*Directions*: Give back, word for word, the lines in the listing below from the one holding "have := preserves_sum3 x (fun=>" down to the one holding "exists (m ^", both ends included.

..........

(* Let $(G;+)$ be a finite abelian group, $n\ge3$, and $\rho=\{(a_1,\dots,a_n)\in G^n:\ a_1+\dots+a_n=0\}$. Suppose $\rho$ is preserved by a WNU vector-function $(f_1,\dots,f_n)$ of arity $m$. Then for every $j\in\{1,\dots,n\}$ there is a positive integer $t$ with $f_j(x_1,\dots,x_m)=t\cdot x_1+\dots+t\cdot x_m$ for all $x_1,\dots,x_m\in G$.
   Context: A WNU is an $m$-ary ($m\ge2$) operation $f$ with $f(x,\dots,x)=x$ and $f(y,x,\dots,x)=f(x,y,x,\dots,x)=\dots=f(x,\dots,x,y)$. A WNU vector-function of arity $m$ is a tuple $(f_1,\dots,f_n)$ of $m$-ary WNUs on $G$; it preserves $\rho\subseteq G^n$ if for all $\alpha^1,\dots,\alpha^m\in\rho$ the tuple $(f_1(\alpha^1(1),\dots,\alpha^m(1)),\dots,f_n(\alpha^1(n),\dots,\alpha^m(n)))\in\rho$. $t\cdot x$ denotes $x+\dots+x$ ($t$ times). *)

From HB Require Import structures.
From mathcomp Require Import all_boot all_order all_algebra.
Set Implicit Arguments. Unset Strict Implicit. Unset Printing Implicit Defensive.
Import GRing.Theory.
Local Open Scope ring_scope.

Definition op_on (G : Type) (m : nat) := ('I_m -> G) -> G.

Definition one_diff (G : Type) (m : nat) (x y : G) (i : 'I_m) : 'I_m -> G :=
  fun k => if k == i then y else x.

Definition is_WNU (G : Type) (m : nat) (f : op_on G m) : Prop :=
  (forall x : G, f (fun _ => x) = x) /\
  (forall (x y : G) (i k : 'I_m), f (one_diff x y i) = f (one_diff x y k)).

Definition sum_zero_rel (G : zmodType) (n : nat) (a : 'I_n -> G) : Prop :=
  \sum_(j < n) a j = 0.

Definition vec_preserves (G : Type) (n m : nat) (f : 'I_n -> op_on G m)
    (rho : ('I_n -> G) -> Prop) : Prop :=
  forall alpha : 'I_m -> ('I_n -> G),
    (forall k, rho (alpha k)) ->
    rho (fun j => f j (fun k => alpha k j)).

(* Because n >= 3, a coordinate can be paired with two others, and the
   constraint x + y + z = 0 spread over three coordinates forces every f_j to
   be additive; together with the WNU identities this makes
   f_j x = h x_1 + ... + h x_m for a single map h : G -> G with m * h a = a.
   Such an h is injective, hence a permutation of the finite set G, so some
   iterate h^k is the identity; then m^k * a = a, and h a = m^(k-1) * a. *)
From HB Require Import structures.
From mathcomp Require Import all_boot all_order all_algebra.
From mathcomp Require Import fingroup perm zify.
From Stdlib Require Import FunctionalExtensionality.
Import GRing.Theory.
Local Open Scope ring_scope.

Lemma exists_ord_neq2 {n : nat} (a c : 'I_n) : (3 <= n)%N ->
  exists b : 'I_n, b != a /\ b != c.
Proof.
move=> n3; have : (0 < #|~: [set a; c]|)%N.
  by have := cardsC [set a; c]; rewrite cards2 card_ord; case: (a != c); lia.
case/card_gt0P => b; rewrite !inE negb_or => /andP[ba bc].
by exists b.
Qed.

Lemma sum_supp3 {G : zmodType} {n : nat} {a b c : 'I_n} (F : 'I_n -> G) :
  a != b -> a != c -> b != c ->
  (forall l, l \notin [:: a; b; c] -> F l = 0) ->
  \sum_(l < n) F l = F a + F b + F c.
Proof.
move=> ab ac bc F0.
rewrite (bigD1 a) //= (bigD1 b) 1?eq_sym //=.
rewrite (bigD1 c) ?[c == _]eq_sym ?ac ?bc //=.
rewrite big1 ?addr0 ?addrA // => l /andP[/andP[la lb] lc].
by apply: F0; rewrite !inE negb_or la negb_or lb lc.
Qed.

Lemma additive_op_sum {G : zmodType} {m : nat} {g : op_on G m} :
  g (fun _ => 0) = 0 ->
  (forall x y, g (fun k => x k + y k) = g x + g y) ->
  forall x, g x = \sum_(i < m) g (one_diff 0 (x i) i).
Proof.
move=> g0 gD x.
have g_sum (s : seq 'I_m) : g (fun k => \sum_(i <- s) one_diff 0 (x i) i k)
    = \sum_(i <- s) g (one_diff 0 (x i) i).
  elim: s => [|i s IHs].
    by rewrite big_nil -g0; congr g; apply: functional_extensionality => k;
       rewrite big_nil.
  rewrite big_cons -IHs -gD; congr g; apply: functional_extensionality => k.
  by rewrite big_cons.
rewrite -g_sum; congr g; apply: functional_extensionality => k.
rewrite (bigD1 k) //= /one_diff eqxx big1 ?addr0 // => i.
by rewrite eq_sym => /negbTE ->.
Qed.

Section SumZeroPreservation.
Variables (G : zmodType) (n m : nat) (f : 'I_n -> op_on G m).
Hypothesis n_ge3 : (3 <= n)%N.
Hypothesis f0 : forall l, f l (fun _ => 0) = 0.
Hypothesis f_pres : vec_preserves f (@sum_zero_rel G n).

Lemma preserves_sum3 {a b c : 'I_n} (x y z : 'I_m -> G) :
  a != b -> a != c -> b != c -> (forall k, x k + y k + z k = 0) ->
  f a x + f b y + f c z = 0.
Proof.
move=> ab ac bc xyz.
pose col l : 'I_m -> G :=
  if l == a then x else if l == b then y else if l == c then z else fun=> 0.
have col_supp l : l \notin [:: a; b; c] -> col l = fun=> 0.
  by rewrite !inE !negb_or /col => /and3P[/negbTE-> /negbTE-> /negbTE->].
have [ba ca cb] : [/\ b != a, c != a & c != b].
  by rewrite ![_ == a]eq_sym ab ac eq_sym.
have [col_a col_b col_c] : [/\ col a = x, col b = y & col c = z].
  by rewrite /col eqxx (negbTE ba) eqxx (negbTE ca) (negbTE cb) eqxx.
have := f_pres (fun k l => col l k).
rewrite /sum_zero_rel (sum_supp3 _ ab ac bc); last first.
  by move=> l /col_supp ->; apply: f0.
rewrite col_a col_b col_c; apply=> k.
rewrite (sum_supp3 _ ab ac bc); first by rewrite col_a col_b col_c.
by move=> l /col_supp ->.
Qed.

Lemma preserves_opp {a c : 'I_n} (x : 'I_m -> G) :
  a != c -> f a x = - f c (fun k => - x k).
Proof.
move=> ac; have [b [ba bc]] := exists_ord_neq2 a c n_ge3.
have ab : a != b by rewrite eq_sym.
have := preserves_sum3 x (fun=> 0) (fun k => - x k) ab ac bc
  (fun k => ltac:(by rewrite addr0 subrr)).
by rewrite f0 addr0 => /eqP; rewrite addr_eq0 => /eqP.
Qed.

Lemma preserves_additive (j : 'I_n) (x y : 'I_m -> G) :
  f j (fun k => x k + y k) = f j x + f j y.
Proof.
have [j1 [j1j _]] := exists_ord_neq2 j j n_ge3.
have [j2 [j2j j2j1]] := exists_ord_neq2 j j1 n_ge3.
have jj1 : j != j1 by rewrite eq_sym.
have jj2 : j != j2 by rewrite eq_sym.
have j1j2 : j1 != j2 by rewrite eq_sym.
have same_y : f j1 y = f j y.
  by rewrite (preserves_opp _ j1j2) (preserves_opp _ jj2).
have := preserves_sum3 x y (fun k => - (x k + y k)) jj1 jj2 j1j2
  (fun k => ltac:(by rewrite subrr)).
move/eqP; rewrite same_y addr_eq0 => /eqP ->.
by rewrite (preserves_opp _ jj2).
Qed.

End SumZeroPreservation.

Lemma iter_injective_id {T : finType} {h : T -> T} : injective h ->
  exists2 k, (0 < k)%N & forall x, iter k h x = x.
Proof.
move=> h_inj; exists #[perm h_inj]%g; first exact: order_gt0.
move=> x; rewrite -(eq_iter (permE h_inj)) -permX.
by rewrite expg_order perm1.
Qed.

Lemma right_inverse_mulrn {G : finZmodType} {m : nat} {h : G -> G} :
  (0 < m)%N -> (forall a, h a *+ m = a) ->
  exists2 t, (0 < t)%N & forall a, h a = a *+ t.
Proof.
move=> m_gt0 hm.
have h_inj : injective h by move=> a b hab; rewrite -(hm a) -(hm b) hab.
have [[|k] // _ hk] := iter_injective_id h_inj.
have iter_mulrn i a : iter i h a *+ m ^ i = a.
  by elim: i a => [|i IHi] a; rewrite ?mulr1n // iterSr expnSr mulrnA IHi hm.
exists (m ^ k)%N; first by rewrite expn_gt0 m_gt0.
by move=> a; rewrite -{2}(hm a) -mulrnA -expnS -{2}(hk (h a)) iter_mulrn.
Qed.

Theorem mainTheorem15 (G : finZmodType) (n m : nat) (f : 'I_n -> op_on G m) :
  (3 <= n)%N -> (2 <= m)%N ->
  (forall j, is_WNU (f j)) ->
  vec_preserves f (@sum_zero_rel G n) ->
  forall j : 'I_n, exists t : nat, (0 < t)%N /\
    forall x : 'I_m -> G, f j x = \sum_(i < m) (x i *+ t).
Proof.
move=> n_ge3 m_ge2 WNU f_pres j.
have m_gt0 : (0 < m)%N by apply: leq_trans m_ge2.
have f0 l : f l (fun _ => 0) = 0 by case: (WNU l).
have [f_idem f_sym] := WNU j.
pose h a := f j (one_diff 0 a (Ordinal m_gt0)).
have f_sum x : f j x = \sum_(i < m) h (x i).
  rewrite (additive_op_sum (f0 j)) => [|y z]; last exact: preserves_additive.
  by apply: eq_bigr => i _; apply: f_sym.
have hm a : h a *+ m = a by rewrite -{2}(f_idem a) f_sum sumr_const card_ord.
have [t t_gt0 ht] := right_inverse_mulrn m_gt0 hm.
by exists t; split=> // x; rewrite f_sum; apply: eq_bigr => i _; apply: ht.
Qed.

..........

*Result of this exercise*:
have := preserves_sum3 x (fun=> 0) (fun k => - x k) ab ac bc
  (fun k => ltac:(by rewrite addr0 subrr)).
by rewrite f0 addr0 => /eqP; rewrite addr_eq0 => /eqP.
Qed.

Lemma preserves_additive (j : 'I_n) (x y : 'I_m -> G) :
  f j (fun k => x k + y k) = f j x + f j y.
Proof.
have [j1 [j1j _]] := exists_ord_neq2 j j n_ge3.
have [j2 [j2j j2j1]] := exists_ord_neq2 j j1 n_ge3.
have jj1 : j != j1 by rewrite eq_sym.
have jj2 : j != j2 by rewrite eq_sym.
have j1j2 : j1 != j2 by rewrite eq_sym.
have same_y : f j1 y = f j y.
  by rewrite (preserves_opp _ j1j2) (preserves_opp _ jj2).
have := preserves_sum3 x y (fun k => - (x k + y k)) jj1 jj2 j1j2
  (fun k => ltac:(by rewrite subrr)).
move/eqP; rewrite same_y addr_eq0 => /eqP ->.
by rewrite (preserves_opp _ jj2).
Qed.

End SumZeroPreservation.

Lemma iter_injective_id {T : finType} {h : T -> T} : injective h ->
  exists2 k, (0 < k)%N & forall x, iter k h x = x.
Proof.
move=> h_inj; exists #[perm h_inj]%g; first exact: order_gt0.
move=> x; rewrite -(eq_iter (permE h_inj)) -permX.
by rewrite expg_order perm1.
Qed.

Lemma right_inverse_mulrn {G : finZmodType} {m : nat} {h : G -> G} :
  (0 < m)%N -> (forall a, h a *+ m = a) ->
  exists2 t, (0 < t)%N & forall a, h a = a *+ t.
Proof.
move=> m_gt0 hm.
have h_inj : injective h by move=> a b hab; rewrite -(hm a) -(hm b) hab.
have [[|k] // _ hk] := iter_injective_id h_inj.
have iter_mulrn i a : iter i h a *+ m ^ i = a.
  by elim: i a => [|i IHi] a; rewrite ?mulr1n // iterSr expnSr mulrnA IHi hm.
exists (m ^ k)%N; first by rewrite expn_gt0 m_gt0.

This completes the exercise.